Avec « La musique est l’arme (Reload) », le trio international électronique, dancehall et reggae implore la rédemption avec cinq nouveaux morceaux pour leur projet largement passé inaperçu. Le rideau s’ouvre au rythme de « Titans », sorte de croisement incestueux entre LSD et Lazer majeure, projets jumelés par la présence de Diplo. Le thème est un happy hour de positivisme sonore dans le plus pur style du nouveau Sia (hyperbolisé dans son film « Musique ») qui est la chanson la plus pop du set. Les voix bien connues sont placées dans un premier plan si fermé que le reste des éléments semble être excessivement négligé, entraînant le single dans le royaume du joyeux mais naïf, d’une timidité qui a besoin d’euphorie. Heureusement juste après que « Diplomático » soit joué, un cadeau de pur moombahton à ceux qui ont raté les rythmes agressifs de la version standard de l’album. La collaboration avec Guaynaa, que certains pourraient mépriser à la première écoute, est un tout-terrain, une de ces chansons qui nous fait manquer le Razzmatazz alors que nous respectons le couvre-feu. Cette célébration débordante de l’ego de Diplo sous la forme d’un jeu de mots espagnol semble suivre les traces du « Qué calor » entraînant aux côtés de J. Balvin, le fils prodigue de la première version de l’album.
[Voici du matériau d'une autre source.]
Lemma left_inertial_rat_min_cond : left_inertial phi -> nonzero_map phi ->
  min_cond (@pi_component A m).
Proof.
move=> phi_li /(rat_mult_neq0 phi_rat) m_neq0.
apply: (min_cond_of_fin_quot_mulng (q := `|m|) (subgroup_pi_component A m)).
  by move=> x; apply: pi_component_primary.
move=> X sX X_pi; apply: fin_quot_mono (phi_li X sX) => _ [_ [x [Xx ->]]].
exact: rat_mult_pi_component_mulng.
Qed.

Lemma min_cond_rat_left_inertial : finite_tf_rank A -> min_cond (@pi_component A m) ->
  nonzero_map phi -> left_inertial phi.
Proof.
move=> rankA min_pi /(rat_mult_neq0 phi_rat) m_neq0 X sX.
apply: (fin_quot_mono (X := mulng `|m| X)) => [_ [x [Xx ->]]|].
  split; first exact: subgroupMn.
  case: phi_rat => _ _ _ _ phi_n; case: (mulrn_absz x m) => ->.
    by exists (x *~ n); rewrite phi_n; split=> //; apply: subgroupMz.
  exists (- (x *~ n)); rewrite endoN // phi_n; split=> //.
  by apply: subgroupN => //; apply: subgroupMz.
apply: fin_quot_mulng_of_primes => //; first by rewrite absz_gt0.
by move=> p Y p_prime p_dvd sY; apply: (fin_quot_mulng_min_pi p_prime p_dvd rankA min_pi sY).
Qed.

End RationalLeftInertial.

Lemma rat_mult_left_inertial_unit (A : zmodType) (phi : A -> A) (n : int) :
  rat_mult 1 n phi -> left_inertial phi.
Proof.
case=> _ _ _ _ phi_n X sX; apply: fin_quot_subset => [|x Xx]; first exact: subgroup0.
by split=> //; exists (x *~ n); rewrite phi_n mulr1z; split=> //; apply: subgroupMz.
Qed.

Lemma rat_mult_abs1 (A : zmodType) (phi : A -> A) (m n : int) :
  rat_mult m n phi -> `|m|%N = 1%N -> exists n' : int, n' != 0 /\ rat_mult 1 n' phi.
Proof.
move=> phi_rat m1; have n_neq0 : n != 0 by case: phi_rat.
have [m_eq1|m_eqN1] : m = 1 \/ m = -1.
  by move: m1 {phi_rat}; case: m => [[|[|k]]|[|k]] //= _; [left|right].
  by exists n; rewrite -m_eq1.
by exists (- n); rewrite oppr_eq0 -[1]opprK -m_eqN1; split=> //; apply: rat_multNN.
Qed.

Section MultiplicationTheorems.
Variables (A : zmodType) (phi : A -> A).
Hypothesis phi_mult : multiplication phi.

Lemma inertial_multiplicationP : inertial phi <-> finite_tf_rank A \/ int_mult phi.
Proof.
case: phi_mult => phi_endo [mult_per mult_nonper]; split=> [phi_in|[rankA|[z phi_z]]].
- have [rankA|Nrank] := classic (finite_tf_rank A); [by left|right].
  have [m [n phi_rat]] := mult_nonper (fun Aper => Nrank (periodic_finite_tf_rank Aper)).
  apply: (rat_mult_int phi_rat); have [_ cop_mn _ _ _] := phi_rat.
  exact: coprimez_dvd_abs1 cop_mn (inertial_rat_mult_dvd phi_rat phi_endo Nrank phi_in).
- have [Aper|Nper] := classic (periodic A); last first.
    by have [m [n phi_rat]] := mult_nonper Nper; apply: rat_mult_inertial phi_rat phi_endo rankA.
  have [_ [alpha [_ phi_alpha]]] := mult_per Aper.
  apply: inertial_of_stable => // X x sX Xx; have [k k_gt0 xk] := Aper x.
  by have [c ->] := padic_mult_torsion phi_endo phi_alpha k_gt0 xk; apply: subgroupMz.
- by apply: inertial_of_stable => // X x sX Xx; rewrite phi_z; apply: subgroupMz.
Qed.

Lemma left_inertial_pgroupP p : infinite_group A -> prime p -> p_group A p ->
  left_inertial phi <-> bijective phi \/ (min_cond (fun _ : A => True) /\ nonzero_map phi).
Proof.
move=> infA p_prime A_pgroup; case: phi_mult => phi_endo [mult_per _].
have Aper : periodic A.
  by move=> x; have [k xk] := A_pgroup x; exists (p ^ k)%N; rewrite ?expn_gt0 ?prime_gt0.
have [_ [alpha [alpha_compat phi_alpha]]] := mult_per Aper.
split=> [phi_li|[phi_bij|[minA phi_nz]]].
- have [dvd_a1|Ndvd] := boolP (p%:Z %| alpha p 1%N)%Z; last first.
    by left; have := padic_unit_bijective phi_endo alpha_compat phi_alpha p_prime A_pgroup Ndvd.
  right; split; last exact: left_inertial_nonzero infA phi_li.
  by have := left_inertial_min_cond alpha_compat phi_alpha p_prime A_pgroup phi_li dvd_a1.
- have := bijective_padic_unit phi_endo phi_alpha p_prime A_pgroup infA phi_bij.
  by move/(padic_unit_left_inertial alpha_compat phi_alpha p_prime A_pgroup).
- by have := min_cond_left_inertial alpha_compat phi_alpha p_prime A_pgroup minA phi_nz.
Qed.

Lemma left_inertial_infinite_rankP : infinite_tf_rank A ->
  left_inertial phi <-> exists n : int, n != 0 /\ rat_mult 1 n phi.
Proof.
move=> /infinite_tf_rankN Nrank; case: phi_mult => phi_endo [_ mult_nonper].
split=> [phi_li|[n [_ phi_rat]]]; last exact: rat_mult_left_inertial_unit phi_rat.
have [m [n phi_rat]] := mult_nonper (fun Aper => Nrank (periodic_finite_tf_rank Aper)).
apply: (rat_mult_abs1 phi_rat); have [_ cop_mn _ _ _] := phi_rat.
rewrite coprimez_sym in cop_mn.
exact: coprimez_dvd_abs1 cop_mn (left_inertial_rat_mult_dvd phi_rat phi_endo Nrank phi_li).
Qed.

End MultiplicationTheorems.

Theorem proposition2p1 (A : zmodType) (phi : A -> A) :
  infinite_group A -> multiplication phi ->
  (* (R) *)
  (inertial phi <-> (finite_tf_rank A \/ int_mult phi)) /\
  (* (L1) *)
  (forall p : nat, prime p -> p_group A p ->
     (left_inertial phi <->
        (bijective phi \/ (min_cond (fun _ : A => True) /\ nonzero_map phi)))) /\
  (* (L2) *)
  (forall m n : int, ~ periodic A -> finite_tf_rank A -> rat_mult m n phi ->
     (left_inertial phi <-> (min_cond (@pi_component A m) /\ nonzero_map phi))) /\
  (* (L3) *)
  (infinite_tf_rank A ->
     (left_inertial phi <-> exists n : int, n != 0%R /\ rat_mult 1%R n phi)).
Proof.
move=> infA phi_mult; have [phi_endo _] := phi_mult.
split; first exact: inertial_multiplicationP.
split; first by move=> p; apply: left_inertial_pgroupP.
split; last exact: left_inertial_infinite_rankP.
move=> m n _ rankA phi_rat; split=> [phi_li|[min_pi phi_nz]].
  have phi_nz := left_inertial_nonzero infA phi_li.
  by split=> //; have := left_inertial_rat_min_cond phi_rat phi_li phi_nz.
by have := min_cond_rat_left_inertial phi_endo phi_rat rankA min_pi phi_nz.
Qed.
« C’est cuit » est peut-être la nouveauté la plus inaperçue qui puisse arriver. Les rythmes tropicaux francophones de la chanson évoquent une petite oasis de détente sur l’album d’Aya Nakamura. Le thème est une brise agréable mais passagère qui nous invite à nous laisser porter par sa douceur et sa douceur alors que nous manquons d’autres parenthèses de calme de Lazer majeure plus énergique comme « Être ensemble » (15) ou « Obtenez gratuitement «  (13). C’est alors que nous sommes réveillés de cet état de rêverie nostalgique par un échantillon de la mélodie emblématique de la bande originale de « Le bon le mauvais et le laid » comme s’il s’agissait d’un coup inattendu. Cet hommage opportun à Ennio Morricone est l’épine dorsale de « Pra te machucar », une chanson anachronique et énergique qui fusionne l’essence du western avec une percussion exotique avec des traces de dancehall. Un curieux duel d’hommes armés au milieu des plages de Rio de Janeiro qui a peu de mal à montrer le revolver mais trop à serrer.

Lazer majeure semble garder le meilleur pour la fin, puisqu’il clôt ses cinq nouveautés avec ce qui est pour un serveur le joyau de la couronne (avec le « Bam Bam ») déjà présenté. « Hands up » est un retour au magnifique « La paix est la mission » (15) et son électronique plus agressive qui visait carrément le club. Le thème est une citation au dancehall caractéristique de chansons comme « Attention à ça » (13) ou « Vous perdre » (14) ainsi qu’une expérience de terreur dans la jungle dans le plus pur style Wiwek. Le groupe compose une justification de ce brostep qu’ils semblaient réserver ces dernières années pour les remix de leurs chansons les plus commerciales, d’un son électronique que Diplo avait enterré à côté de Jack Ü (le titre lui-même évoque l’explosif « Jungle Bae » (quinze)). Lazer majeure embrasser à nouveau la goutte n’est jamais une mauvaise nouvelle, un élément qu’ils craignent maintenant d’éviter et qui était à l’époque l’un de leurs plus grands alliés.

Pourrions-nous dire que ces nouveaux ajouts à la quatrième de couverture de «La musique est l’arme » améliorer l’ensemble pauvre? Peut-être oui. Mais il est clair qu’avec ses avantages et ses inconvénients, la dernière Lazer majeure C’est un symptôme de l’état actuel améliorable du groupe qui semble tester les eaux, décidant quelle est la prochaine voie à suivre. Cette essence hédoniste qui semblait se volatiliser après « La paix est la mission », cette énergie qui se dégageait de ses précédents projets, des propositions aussi hybrides que solides. Cet enregistrement a peut-être été trop hâtif, dans le sens où il essaie de définir une bande reformulée avant qu’elle ne soit reformulée. Il est clair que le rechargement n’était pas la réponse à nos prières. Nous aurons toujours « Libérez l’univers » (13).